**DIRECTIONS:**
Your reply should hold only the lines from the records below where "element" occurs.

##### MATERIAL FOR THE TASK

(* Let $(P,\preceq)$ be a poset and $\mathcal{X}:=\{X\subseteq P\mid (X,\preceq)\text{ is well-ordered}\}$. Let $f:\mathcal{X}\to\mathcal{X}$ satisfy: for all $X,X'\in\mathcal{X}$ and all $y\in f(X)\mathbin{\triangle}f(X')$ there exists $x\in X\mathbin{\triangle}X'$ with $x\prec y$. Then $f$ has a unique fixed point. Moreover, this fixed point equals $X_{\hat\alpha}$ for some ordinal $\hat\alpha$, where $X_0=\emptyset$; for every ordinal $\alpha$, $X_{\alpha+1}=X_\alpha$ if $f(X_\alpha)\setminus X_\alpha=\emptyset$ and $X_{\alpha+1}=X_\alpha\cup\{\min(f(X_\alpha)\setminus X_\alpha)\}$ otherwise; and for nonzero limit ordinals $\alpha$, $X_\alpha=\bigcup_{\beta<\alpha}X_\beta$.
   Context: $X\mathbin{\triangle}Y=(X\setminus Y)\cup(Y\setminus X)$ is the symmetric difference. $x\prec y$ means $x\preceq y$ and $x\neq y$. A poset is well-ordered if every nonempty subset has a least element. *)

From mathcomp Require Import all_boot all_order.
Set Implicit Arguments. Unset Strict Implicit. Unset Printing Implicit Defensive.
Import Order.Theory.
Local Open Scope order_scope.

Section Defs.
Context {d : Order.disp_t} {P : porderType d}.

Definition well_ordered (X : P -> Prop) : Prop :=
  forall S : P -> Prop, (forall x, S x -> X x) -> (exists x, S x) ->
    exists m, S m /\ forall s, S s -> m <= s.

Definition WO := {X : P -> Prop | well_ordered X}.

Definition symdiff (X Y : P -> Prop) : P -> Prop :=
  fun x => (X x /\ ~ Y x) \/ (Y x /\ ~ X x).

Definition contractive (f : WO -> WO) : Prop :=
  forall (X X' : WO) (y : P), symdiff (sval (f X)) (sval (f X')) y ->
    exists x, symdiff (sval X) (sval X') x /\ x < y.

Definition is_min (S : P -> Prop) (m : P) : Prop :=
  S m /\ forall s, S s -> m <= s.

(* B = X_{alpha+1} when A = X_alpha *)
Definition succ_step (f : WO -> WO) (A B : WO) : Prop :=
  let D := fun x => sval (f A) x /\ ~ sval A x in
  ((forall x, ~ D x) /\ sval B = sval A) \/
  (exists m, is_min D m /\ sval B = (fun x => sval A x \/ x = m)).

End Defs.

(* lt is a strict well-order on I (I together with lt represents an ordinal) *)
Definition strict_wellorder (I : Type) (lt : I -> I -> Prop) : Prop :=
  (forall i, ~ lt i i) /\
  (forall i j k, lt i j -> lt j k -> lt i k) /\
  (forall i j, lt i j \/ i = j \/ lt j i) /\
  well_founded lt.

Definition transfinite_iter {d : Order.disp_t} {P : porderType d}
    (f : @WO d P -> @WO d P) (I : Type) (lt : I -> I -> Prop)
    (X : I -> @WO d P) : Prop :=
  forall i,
    ((forall j, ~ lt j i) -> sval (X i) = (fun _ => False)) /\
    (forall j, lt j i -> (forall k, ~ (lt j k /\ lt k i)) ->
       succ_step f (X j) (X i)) /\
    ((exists j, lt j i) -> (forall j, lt j i -> exists k, lt j k /\ lt k i) ->
       sval (X i) = (fun x => exists j, lt j i /\ sval (X j) x)).

From mathcomp Require Import all_boot all_order.
From Stdlib Require Import Classical FunctionalExtensionality PropExtensionality ProofIrrelevance.
Set Implicit Arguments. Unset Strict Implicit. Unset Printing Implicit Defensive.
Import Order.Theory.
Local Open Scope order_scope.

(* Call G in 𝒳 an f-chain if every j in G is the least element of
   f(G_{<j}) \ G_{<j}; these are the stages of the transfinite recursion.
   Two f-chains agree up to the first point where they differ, and the
   successor step forces that point to be the same on both sides, so one is
   an initial segment of the other and their union U is again an f-chain.
   Contractivity gives G ⊆ f(G) for every f-chain G and puts f(G) \ G above G,
   so adjoining min (f(U) \ U) would give a longer f-chain: U is a fixed point.
   Conversely a fixed point Z is an f-chain, and an f-chain not contained in Z
   would have Z as an initial segment and hence contain an element of
   f(Z) \ Z; this gives uniqueness. The initial segments of Z, indexed by the
   elements of Z and a top element, form the transfinite sequence. *)

Section StrictWellorder.
Variables (I : Type) (lt : I -> I -> Prop).

Definition lt_top (i j : option I) : Prop :=
  match i, j with
  | Some a, Some b => lt a b
  | Some _, None => True
  | None, _ => False
  end.

Lemma strict_wellorder_lt_top : strict_wellorder lt -> strict_wellorder lt_top.
Proof.
move=> [irr [trans [tot wf]]]; split; [|split; [|split]].
- by case.
- by case=> [a|] [b|] [c|] //=; apply: trans.
- case=> [a|] [b|] /=; [|by left|by right; right|by right; left].
  by case: (tot a b) => [|[->|]]; auto.
- have accS a : Acc lt_top (Some a).
    elim: (wf a) => {}a _ IH; constructor; case=> // b; exact: IH.
  by constructor; case=> // a _; apply: accS.
Qed.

##########

**RESPONSE TO THIS TASK:**
   Context: $X\mathbin{\triangle}Y=(X\setminus Y)\cup(Y\setminus X)$ is the symmetric difference. $x\prec y$ means $x\preceq y$ and $x\neq y$. A poset is well-ordered if every nonempty subset has a least element. *)
(* Call G in 𝒳 an f-chain if every j in G is the least element of
   would have Z as an initial segment and hence contain an element of
   elements of Z and a top element, form the transfinite sequence. *)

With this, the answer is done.